Die Ideen Europas und der europäische Gedanke


[S. 16]

Es finden sich in dieser ganzen Debatte zum Wesen der Gesellschaft zwei weitere Ideen, deren Erkenntnis und Entwicklung von Bedeutung sind. Die erste ist die Achtung vor der einzelnen Individualität. In der zeitgenössischen westlichen Kultur ist es ein tiefliegender Gedanke, dass jeder Mensch etwas unendlich Wertvolles ist. Natürlich gibt es sehr große Unterschiede zwischen einzelnen Menschen; einige sind mit Eigenschaften ausgestattet, die sie eindeutig zu wertvollen Persönlichkeiten machen, bei anderen ist das Gegenteil der Fall. Doch hinter solchen Unterschieden gibt es etwas Allgemeinmenschliches, einen grundlegenden Wert, den alle Menschen gleichermaßen besitzen; allein dadurch, dass er ein Mensch ist, ist jeder Mensch unendlich wertvoll.

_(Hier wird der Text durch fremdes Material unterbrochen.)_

Lemma cball_sqnormE (R : realType) d (q x : 'rV[R]_d) r : 0 <= r ->
  cball q r x = (sqnorm (x - q) <= r ^+ 2).
Proof.
move=> r_ge0; rewrite /cball /enorm /= -[in LHS](ger0_norm r_ge0) -sqrtr_sqr.
by rewrite ler_sqrt // sqr_ge0.
Qed.

(** * Convex hulls of finitely many points *)

Section FiniteHull.
Variables (R : realType) (V : normedModType R) (m : nat) (w : 'I_m -> V).

Definition simplex : set 'rV[R]_m :=
  [set lam | (forall j, 0 <= lam ord0 j) /\ \sum_j lam ord0 j = 1].

Definition comb (lam : 'rV[R]_m) : V := \sum_j lam ord0 j *: w j.

Definition hull : set V := comb @` simplex.

Lemma comb_continuous : continuous comb.
Proof.
apply: continuous_big => [|j _ lam]; first exact: add_continuous.
by apply: continuousZ; [exact: coord_continuous | exact: cst_continuous].
Qed.

Lemma simplex_closed : closed simplex.
Proof.
have -> : simplex = \bigcap_j ((fun lam : 'rV[R]_m => lam ord0 j) @^-1` [set x | 0 <= x])
    `&` [set lam | \sum_j lam ord0 j = 1].
  by apply/seteqP; split=> lam [lam_ge0 lam_sum1]; split=> // j *; exact: lam_ge0.
apply: closedI.
  apply: closed_bigI => j _.
  by apply: closed_comp (@closed_ge _ 0) => lam _; exact: coord_continuous.
apply: closed_comp (@closed_eq _ 1) => lam _.
by apply: continuous_big => [|j _]; [exact: add_continuous | exact: coord_continuous].
Qed.

Lemma simplex_compact : compact simplex.
Proof.
have box_compact : compact [set lam : 'rV[R]_m | forall j, `[(0 : R), 1]%classic (lam ord0 j)].
  by apply: (@rV_compact _ _ (fun=> `[(0 : R), 1]%classic)) => _; exact: segment_compact.
apply: (subclosed_compact simplex_closed box_compact).
move=> lam [lam_ge0 lam_sum1] i /=; rewrite in_itv /= lam_ge0 -lam_sum1.
by rewrite (bigD1 i) //= lerDl sumr_ge0.
Qed.

Lemma hull_compact : compact hull.
Proof.
apply: continuous_compact simplex_compact.
by apply: continuous_subspaceT; exact: comb_continuous.
Qed.

Lemma hull_convex : convex_set hull.
Proof.
move=> x y t; rewrite !inE => -[l1 [l1_ge0 l1_sum1] <-] [l2 [l2_ge0 l2_sum1] <-].
have t_le1 : t%:num <= 1 by exact: le1.
change (hull (t%:num *: comb l1 + (1 - t%:num) *: comb l2)).
exists (t%:num *: l1 + (1 - t%:num) *: l2); last first.
  rewrite /comb !scaler_sumr -big_split; apply: eq_bigr => j _.
  by rewrite !mxE /= !scalerA -scalerDl.
split=> [j|]; first by rewrite !mxE addr_ge0 // mulr_ge0 // ?subr_ge0.
under eq_bigr do rewrite !mxE.
by rewrite big_split /= -!mulr_sumr l1_sum1 l2_sum1 !mulr1 subrKC.
Qed.

Lemma hull_mem j : hull (w j).
Proof.
have delta_sum1 : \sum_i (i == j)%:R = 1 :> R.
  by rewrite (bigD1 j) //= eqxx big1 ?addr0 // => i /negPf ->.
exists (\row_i (i == j)%:R).
  by split=> [i|]; rewrite ?mxE ?ler0n //; under eq_bigr do rewrite mxE.
rewrite /comb (bigD1 j) //= mxE eqxx scale1r big1 ?addr0 // => i /negPf ij.
by rewrite mxE ij scale0r.
Qed.

Lemma hull_sub (C : set V) : convex_set C -> (forall j, C (w j)) -> hull `<=` C.
Proof.
move=> convC Cw _ [lam [lam_ge0 lam_sum1] <-].
exact: convex_set_comb lam_sum1 _.
Qed.

End FiniteHull.

(** * Cores of pierced subfamilies *)

Section Core.
Variables (R : realType) (d n k : nat) (F : 'I_n -> set 'rV[R]_d) (b : 'rV[R]_d).
Hypotheses (convexF : forall i, convex_set (F i)) (k_gt0 : (0 < k)%N).
Local Notation V := 'rV[R]_d.
Implicit Types (S T U : {set 'I_n}).

Definition pierced (S : {set 'I_n}) : Prop :=
  exists p, cball b 1 p /\ forall i, i \in S -> F i p.

Definition good (S : {set 'I_n}) : bool := (#|S| == k) && `[< pierced S >].

Definition witness (S : {set 'I_n}) : V :=
  xget b [set p | cball b 1 p /\ forall i, i \in S -> F i p].

Lemma witnessP S : pierced S -> cball b 1 (witness S) /\ forall i, i \in S -> F i (witness S).
Proof. exact: xgetPex. Qed.

Definition good_supsets (T : {set 'I_n}) : {set {set 'I_n}} := [set S | good S & T \subset S].

(* Taking hulls of finitely many witnesses, rather than intersecting the
   [F i] themselves, makes the cores compact, so that nearest points exist. *)
Definition core (T : {set 'I_n}) : set V :=
  hull (fun j : 'I_#|good_supsets T| => witness (enum_val j)).

Lemma core_convex T : convex_set (core T).
Proof. exact: hull_convex. Qed.

Lemma core_compact T : compact (core T).
Proof. exact: hull_compact. Qed.

Lemma witness_core T S : good S -> T \subset S -> core T (witness S).
Proof.
move=> goodS TS; have S_sup : S \in good_supsets T by rewrite inE goodS.
have := hull_mem (fun j => witness (enum_val j)) (enum_rank_in S_sup S).
by rewrite enum_rankK_in.
Qed.

Lemma core_sub_F T i : i \in T -> core T `<=` F i.
Proof.
move=> iT; apply: hull_sub => // j.
have /setIdP[/andP[_ /asboolP pierced_j] /fintype.subsetP sub_j] := enum_valP j.
by apply: (witnessP pierced_j).2; exact: sub_j.
Qed.

Lemma core_antimono T U : T \subset U -> core U `<=` core T.
Proof.
move=> TU; apply: hull_sub => [|j]; first exact: core_convex.
have /setIdP[good_j Uj] := enum_valP j.
by apply: witness_core good_j (fintype.subset_trans TU Uj).
Qed.

Definition feasible T : Prop := core T !=set0.

Lemma feasible_sub T U : T \subset U -> feasible U -> feasible T.
Proof. by move=> TU [x Ux]; exists x; exact: core_antimono Ux. Qed.

Lemma good_feasible S : good S -> feasible S.
Proof. by move=> goodS; exists (witness S); exact: witness_core. Qed.

(* [nearest T] is [b], and [sqdist T] is 0, when [T] is not feasible. *)
Definition nearest T : V := xget b (is_nearest (core T) b).

Lemma nearestP T : feasible T -> is_nearest (core T) b (nearest T).
Proof. by move=> feasT; apply: xgetPex; exact: nearest_exists feasT (@core_compact T). Qed.

Definition sqdist T : R := sqnorm (nearest T - b).

Lemma sqdist_ge0 T : 0 <= sqdist T.
Proof. exact: sqnorm_ge0. Qed.

Lemma sqdist_good S : good S -> sqdist S <= 1.
Proof.
move=> goodS; have [_ S_min] := nearestP (good_feasible goodS).
apply: le_trans (S_min _ (witness_core goodS (subxx S))) _.
have /andP[_ /asboolP /witnessP[ball_w _]] := goodS.
by move: ball_w; rewrite cball_sqnormE // expr1n.
Qed.

Definition small_step T x : bool :=
  (x \notin T) && `[< feasible (x |: T) /\ sqdist (x |: T) - sqdist T <= k%:R^-1 >].

Definition hit_count (q : V) : nat :=
  #|[pred i : 'I_n | `[< exists x, F i x /\ cball q (Num.sqrt k%:R^-1) x >]]|.

Lemma small_step_hits T x : small_step T x ->
  exists y, F x y /\ cball (nearest T) (Num.sqrt k%:R^-1) y.
Proof.
move=> /andP[_ /asboolP[feas_xT step_le]].
have TxT : T \subset x |: T by exact: finset.subsetUr.
have [xT_near _] := nearestP feas_xT.
exists (nearest (x |: T)); split; first by apply: core_sub_F xT_near; rewrite setU11.
rewrite cball_sqnormE ?sqrtr_ge0 // sqr_sqrtr ?invr_ge0 //.
have := is_nearest_sqnorm_le (@core_convex T) (nearestP (feasible_sub TxT feas_xT))
  (core_antimono TxT xT_near).
by rewrite -/(sqdist T) -/(sqdist (x |: T)); lra.
Qed.

Lemma mem_hits T x : feasible T -> x \in T ->
  exists y, F x y /\ cball (nearest T) (Num.sqrt k%:R^-1) y.
Proof.
move=> feasT xT; have [T_near _] := nearestP feasT.
exists (nearest T); split; first exact: core_sub_F T_near.
by rewrite cball_sqnormE ?sqrtr_ge0 // subrr sqnorm0 sqr_ge0.
Qed.

Lemma card_small_steps T : feasible T ->
  (#|T| + #|[pred x | small_step T x]| <= hit_count (nearest T))%N.
Proof.
move=> feasT.
have disjoint : [predI T & [pred x | small_step T x]] =i pred0.
  by move=> x; rewrite !inE /small_step; case: (x \in T).
rewrite -cardUI (eq_card0 disjoint) addn0.
apply: subset_leq_card; apply/fintype.subsetP => x.
rewrite !inE => /orP[xT|step_x]; first exact: mem_hits.
exact: small_step_hits.
Qed.
(* Let $(X_n)_{n\in\mathbb N}$ be a stationary process which is $\Theta,r$-multiple mixing with respect to $\mathcal G$, and let $p\in\mathbb N^*$ satisfy $\sum_{i=0}^\infty i^{p-1}\Theta(i)<\infty$. Then there is a constant $K_p<\infty$ such that $$I_n(p)\le K_p\sum_{i=1}^{\lceil p/2\rceil}n^{i-1}\|f(X_0)\|_r^i\|f\|_{\mathcal G}^i$$ for all $n\in\mathbb N^*$ and all $f\in\mathcal G$ with $\|f\|_\infty\le1$ and ${\rm E}f(X_0)=0$.
   Context: For integers $i_1,\dots,i_j$ write $i_j^*=i_1+\dots+i_j$. For fixed $f$ and $p\in\mathbb N^*$, $I_n(p)=\sum_{0\le i_1,\dots,i_p\le n-1,\ i_p^*\le n-1}\big|{\rm E}\big(f(X_0)f(X_{i_1^*})\cdots f(X_{i_p^*})\big)\big|$. $\mathcal G$ is a class of measurable real functions on $\mathbb R^d$ with a seminorm $\|\cdot\|_{\mathcal G}$; $\|\cdot\|_r$ is the $L^r$ norm. Multiple mixing: $(X_i)$ is $\Theta,r$-multiple mixing with respect to $\mathcal G$ if $r\in[1,\infty)$, $\Theta:\mathbb N\to\mathbb R_0^+$ is nonincreasing, and for every $p\in\mathbb N^*$ there is $K_p<\infty$ such that $\big|{\rm Cov}\big(f(X_0)f(X_{i_1^*})\cdots f(X_{i_{q-1}^*}),\,f(X_{i_q^*})\cdots f(X_{i_p^*})\big)\big|\le K_p\|f(X_0)\|_r\|f\|_{\mathcal G}\Theta(i_q)$ for all $f\in\mathcal G$ with $\|f\|_\infty\le1$ and ${\rm E}f(X_0)=0$, all $i_1,\dots,i_p\in\mathbb N$, $q\in\{1,\dots,p\}$. *)

From HB Require Import structures.
From mathcomp Require Import all_boot all_order all_algebra.
From mathcomp Require Import all_classical all_reals all_analysis.
Set Implicit Arguments. Unset Strict Implicit. Unset Printing Implicit Defensive.
Import Order.TTheory GRing.Theory Num.Theory.
Local Open Scope classical_set_scope.
Local Open Scope ring_scope.

Section defs.
Context {dT : measure_display} {T : measurableType dT} {R : realType}.
(* state space R^d, realised as d.-tuple R with the product (Borel) sigma-algebra *)
Context {d : nat}.
Local Notation S := (d.-tuple R).

Definition Ex (P : probability T R) (F : T -> R) : R := fine ('E_P[F])%E.

Definition Cov (P : probability T R) (F1 F2 : T -> R) : R :=
  fine (covariance P F1 F2).

Definition Lrnorm (P : probability T R) (r : R) (F : T -> R) : R :=
  fine ('N[P]_(r%:E)[EFin \o F])%E.

Definition is_process (X : nat -> T -> S) : Prop :=
  forall n, measurable_fun [set: T] (X n).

Es können Zweifel herrschen, wie man diese Behauptung begründen soll, oder worin das Wertvolle eigentlich besteht. Innerhalb der Kulturgeschichte Europas hat man sogar sehr verschiedene Dinge betont. Doch je mehr man dem einzelnen Individuum und seinem unantastbaren Wert im Verständnis des Lebens einen zentralen Platz einräumt, desto eher wird man auch dazu geneigt sein, den Menschen unter dem Aspekt der Eigenständigkeit zu betrachten. Man wird in immer stärkerem Maße behaupten, dass die Individualität des Einzelnen grundlegend ist; der einzelne Mensch ist im Besitz seiner inneren Freiheit, er ist selbst die Quelle seiner eigenen Handlungen, er bildet das Zentrum seiner eigenen Welt und darf nicht zu einem Mittel eines anderen Zweckes reduziert werden, das heißt, er darf nicht zu einem Sklaven gemacht werden.

Die zweite Idee hängt mit dem Individualismusgedanken zusammen. Es ist die Idee vom Glück des Einzelnen als das, wonach man unter allen Umständen streben sollte. Es hat von Anfang an dem europäischen Menschen einleuchtend erschienen, dass das höchste Ziel eines jeden Wirkens der Erwerb von Glück sein müsse, doch es hat unabstreitbar ungeheuerliche Unterschiede in der Auffassung davon gegeben, was dieser Begriff beinhaltete. Glück konnte im trivialeren Verständnis gute Tage, Gesundheit, Reichtum, Ruhm und Ähnliches bedeuten. Es könnte die Möglichkeit des mächtigen Herrschers sein, alle seine Triebe befriedigt zu bekommen. Doch es könnte auch bedeuten zu gelingen, dass man sich auf die rechte Art und Weise in seine Ganzheit eingefügt hat, seine Aufgabe erfüllte und sich als Bürger der Gesellschaft verwirklichte. Oder man könnte den Blick nach Innen auf sich selbst richten und das Glück als die innere Ruhe der Seele bestimmen, ihre Unberührtheit oder ihre Formierung nach einem Ideal des Edlen. Nachdem man jedoch der Unabhängigkeit jeder einzelnen Individualität mehr und mehr Bedeutung zuschrieb, wurde man auch häufig dahin geleitet, Glück als die Selbstentfaltung des Menschen zu beschreiben. Das Glück wird weder von den Göttern geschickt, noch vom Schicksal vorgegeben, man produziert es selbst; und es war etwas, worauf man als Mensch einen Anspruch hatte.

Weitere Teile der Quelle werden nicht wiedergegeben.